Asset retirement obligation accretion expense represents the
increase in the carrying amount of the asset retirement obligation
due to the passage of time.
OPERATING HIGHLIGHTS - OIL SANDS MINING AND UPGRADING
OPERATIONS UPDATE
During October 2012, the Company completed a planned 12 day
maintenance outage, as well as additional maintenance in the ore
preparation plants during December 2012. These maintenance
activities resulted in production of 83,079 bbl/d of SCO in the
fourth quarter of 2012, which was slightly below the Company's
previously issued guidance of 85,000 to 92,000 bbl/d of SCO. The
Company continues to focus on efficient and effective operations at
Horizon and place emphasis on safe, steady, reliable operations,
resulting in January and February 2013 production of approximately
113,000 bbl/d and 107,000 bbl/d respectively. In the second quarter
of 2013, Horizon will enter into a 24 day planned maintenance
turnaround, resulting in a plant-wide shut down. The impact of the
turnaround has been reflected in the Company's 2013 production,
cash production cost and capital expenditure guidance.
PRODUCT PRICES AND ROYALTIES - OIL SANDS MINING AND
UPGRADING
Three Months Ended Year Ended
-------------------------------------------------------
Dec 31 Sep 30 Dec 31 Dec 31 Dec 31
($/bbl) (1) 2012 2012 2011 2012 2011
----------------------------------------------------------------------------
SCO sales price (2) $ 87.34 $ 87.40 $ 103.16 $ 88.91 $ 99.74
Bitumen value for
royalty purposes (3) $ 58.12 $ 57.40 $ 69.91 $ 59.93 $ 61.86
Bitumen royalties (4) $ 3.80 $ 3.45 $ 4.21 $ 4.34 $ 3.99
----------------------------------------------------------------------------
----------------------------------------------------------------------------
(1) Amounts expressed on a per unit basis are based on sales
volumes excluding the period during suspension of production.
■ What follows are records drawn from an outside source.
Lemma gdiv_eq1 x y : gmul (ginv x) y = gone <-> x = y.
Proof.
  split; intro E.
  - rewrite <- (gmulKr x y), E, gmul1r. reflexivity.
  - rewrite E. apply gmulVl.
Qed.

End GroupLaws.

Global Hint Rewrite <- @gmulA : group.
Global Hint Rewrite @gmul1l @gmul1r @gmulVl @gmulVr @gmulKl @gmulKr @ginvK @ginvM @ginv1 : group.

Section Homomorphisms.

Context {G G' : group} {f : G -> G'}.
Hypothesis hom_f : group_hom f.

Lemma hom_one : f gone = gone.
Proof.
  assert (E : gmul (f gone) (f gone) = f gone) by (rewrite <- hom_f, gmul1l; reflexivity).
  rewrite <- (gmulKl (f gone) (f gone)), E, gmulVl. reflexivity.
Qed.

Lemma hom_inv x : f (ginv x) = ginv (f x).
Proof. apply ginv_unique. rewrite <- hom_f, gmulVl. exact hom_one. Qed.

Lemma hom_eq_iff x y : f (gmul (ginv x) y) = gone <-> f x = f y.
Proof. rewrite hom_f, hom_inv. apply gdiv_eq1. Qed.

Lemma kernel_normal : normal_subgroup (fun x => f x = gone).
Proof.
  split; [split; [|split]|].
  - exact hom_one.
  - intros x y Hx Hy. rewrite hom_f, Hx, Hy, gmul1l. reflexivity.
  - intros x Hx. rewrite hom_inv, Hx, ginv1. reflexivity.
  - intros g n Hn. rewrite !hom_f, Hn, gmul1r, hom_inv, gmulVr. reflexivity.
Qed.

End Homomorphisms.

Section Cosets.

Context {A : group} {N : A -> Prop}.
Hypothesis sub_N : subgroup N.

Lemma same_coset_refl x : same_coset N x x.
Proof. unfold same_coset. rewrite gmulVl. apply sub_N. Qed.

Lemma same_coset_sym x y : same_coset N x y -> same_coset N y x.
Proof.
  unfold same_coset. intro Hxy.
  replace (gmul (ginv y) x) with (ginv (gmul (ginv x) y))
    by (autorewrite with group; reflexivity).
  apply sub_N, Hxy.
Qed.

Lemma same_coset_trans x y z :
  same_coset N x y -> same_coset N y z -> same_coset N x z.
Proof.
  unfold same_coset. intros Hxy Hyz.
  replace (gmul (ginv x) z) with (gmul (gmul (ginv x) y) (gmul (ginv y) z))
    by (autorewrite with group; reflexivity).
  apply sub_N; assumption.
Qed.

End Cosets.

Lemma same_coset_mul {A : group} (N : A -> Prop) (x x' y y' : A) :
  normal_subgroup N -> same_coset N x x' -> same_coset N y y' ->
  same_coset N (gmul x y) (gmul x' y').
Proof.
  unfold same_coset. intros [sub_N conj_N] Hx Hy.
  replace (gmul (ginv (gmul x y)) (gmul x' y')) with
    (gmul (gmul (gmul (ginv y) (gmul (ginv x) x')) (ginv (ginv y))) (gmul (ginv y) y'))
    by (autorewrite with group; reflexivity).
  apply sub_N; auto.
Qed.

Lemma finite_choice {X Y : Type} (Q : X -> Prop) (R : X -> Y -> Prop) (xs : list X) :
  (forall x, In x xs -> Q x -> exists y, R x y) ->
  exists ys, forall x, In x xs -> Q x -> exists y, In y ys /\ R x y.
Proof.
  induction xs as [|x xs IH]; intro Hxs.
  - exists nil. intros x [].
  - destruct IH as [ys Hys]; [intros x' Hx'; apply Hxs; right; exact Hx'|].
    destruct (classic (Q x)) as [Qx|nQx].
    + destruct (Hxs x (or_introl eq_refl) Qx) as [y Hy].
      exists (y :: ys). intros x' [<-|Hx'] Qx'.
      * exists y. split; [left; reflexivity | exact Hy].
      * destruct (Hys x' Hx' Qx') as [y' [Hy' R']]. exists y'. split; [right|]; assumption.
    + exists ys. intros x' [<-|Hx'] Qx'; [contradiction | exact (Hys x' Hx' Qx')].
Qed.

Lemma factor_through {X Y Z : Type} (x0 : X) (P : X -> Prop) (f : X -> Y) (g : X -> Z) :
  (forall x x', P x -> P x' -> f x = f x' -> g x = g x') ->
  exists psi : Y -> Z, forall x, P x -> psi (f x) = g x.
Proof.
  intro Hg. exists (fun y => g (epsilon (inhabits x0) (fun x => P x /\ f x = y))).
  intros x Px.
  destruct (epsilon_spec (inhabits x0) (fun x' => P x' /\ f x' = f x)) as [Px' E];
    [exists x; split; auto|].
  apply Hg; assumption.
Qed.

Section FiniteIndex.

Context {A : group}.

Lemma finite_index_ext (N N' : A -> Prop) :
  (forall a, N a <-> N' a) -> finite_index N -> finite_index N'.
Proof.
  intros E [reps Hreps]. exists reps. intro a.
  destruct (Hreps a) as [r [Hr Ha]]. exists r. split; [exact Hr | apply E, Ha].
Qed.

Lemma finite_index_inter (N1 N2 : A -> Prop) :
  subgroup N1 -> subgroup N2 -> finite_index N1 -> finite_index N2 ->
  finite_index (fun a => N1 a /\ N2 a).
Proof.
  intros sub1 sub2 [R1 F1] [R2 F2].
  destruct (finite_choice
              (fun p => exists a, same_coset N1 (fst p) a /\ same_coset N2 (snd p) a)
              (fun p c => same_coset N1 (fst p) c /\ same_coset N2 (snd p) c)
              (list_prod R1 R2)) as [cs Hcs].
  { intros p _ Hp. exact Hp. }
  exists cs. intro a.
  destruct (F1 a) as [r [Hr Hra]], (F2 a) as [s [Hs Hsa]].
  destruct (Hcs (r, s)) as [c [Hc [Hrc Hsc]]];
    [apply in_prod; assumption | exists a; split; assumption |].
  exists c. split; [exact Hc|]. split.
  - apply same_coset_trans with r; [|apply same_coset_sym|]; assumption.
  - apply same_coset_trans with s; [|apply same_coset_sym|]; assumption.
Qed.

Lemma kernel_finite_index {G : group} (f : A -> G) :
  group_hom f -> finite_group G -> (forall y, exists x, f x = y) ->
  finite_index (fun x => f x = gone).
Proof.
  intros hom_f [ys Hys] surj_f.
  destruct (finite_choice (fun _ => True) (fun y x => f x = y) ys) as [xs Hxs].
  { intros y _ _. apply surj_f. }
  exists xs. intro a.
  destruct (Hxs (f a) (Hys _) I) as [r [Hr E]].
  exists r. split; [exact Hr | apply hom_eq_iff; assumption].
Qed.

End FiniteIndex.

Section Quotient.

Context {A : group} (N : A -> Prop).
Hypothesis normal_N : normal_subgroup N.
Let sub_N : subgroup N := proj1 normal_N.

(* The inhabitant is fixed so that [coset_rep a] depends on [a] only through its coset. *)
Definition coset_rep (a : A) : A := epsilon (inhabits gone) (same_coset N a).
(2) Net of transportation.
(3) Calculated as the simple quarterly average of the bitumen
valuation methodology price.
(4) Calculated based on actual bitumen royalties expensed during
the period; divided by the corresponding SCO sales volumes.
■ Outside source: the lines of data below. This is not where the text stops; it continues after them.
(* Homogeneous coordinate vectors (of points and of planes). *)
Definition vec := 'rV[F]_4.

Definition mkv (a b c d : F) : vec :=
  \row_(i < 4) [:: a; b; c; d]`_i.

(* Canonical representative of a projective point / plane: nonzero vector
   whose first nonzero coordinate is 1.  Each point of PG(3,q) has exactly
   one such representative. *)
Definition normalized (v : vec) : bool :=
  [exists i : 'I_4, (v 0 i == 1) && [forall j : 'I_4, (j < i)%N ==> (v 0 j == 0)]].

Definition proj_eq (u v : vec) : bool :=
  [exists k : F, (k != 0) && (u == k *: v)].

Definition incident (x c : vec) : bool := \sum_(i < 4) c 0 i * x 0 i == 0.

(* parameters in F^+ = F u {oo}; None stands for oo *)
Definition curvePt (t : option F) : vec :=
  match t with
  | Some t => mkv (t ^+ 3) (t ^+ 2) t 1
  | None => mkv 1 0 0 0
  end.

(* second point spanning the tangent at P(t) *)
Definition tangDir (t : option F) : vec :=
  match t with
  | Some t => mkv (3%:R * t ^+ 2) (2%:R * t) 1 0
  | None => mkv 0 1 0 0
  end.

Definition oscPlane (t : option F) : vec :=
  match t with
  | Some t => mkv 1 (- (3%:R * t)) (3%:R * t ^+ 2) (- t ^+ 3)
  | None => mkv 0 0 0 1
  end.

Definition onCurve (x : vec) : bool := [exists t, proj_eq x (curvePt t)].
Realized SCO sales prices averaged $88.91 per bbl for the year
ended December 31, 2012, a decrease of 11% compared with $99.74 per
bbl for the year ended December 31, 2011. Realized SCO sales prices
averaged $87.34 per bbl for the fourth quarter of 2012, a decrease
of 15% compared with $103.16 per bbl for the fourth quarter of 2011
and were comparable with the third quarter of 2012, reflecting
benchmark pricing and prevailing differentials.
PRODUCTION COSTS - OIL SANDS MINING AND UPGRADING
The following tables are reconciled to the Oil Sands Mining and
Upgrading production costs disclosed in the Company's unaudited
interim consolidated financial statements.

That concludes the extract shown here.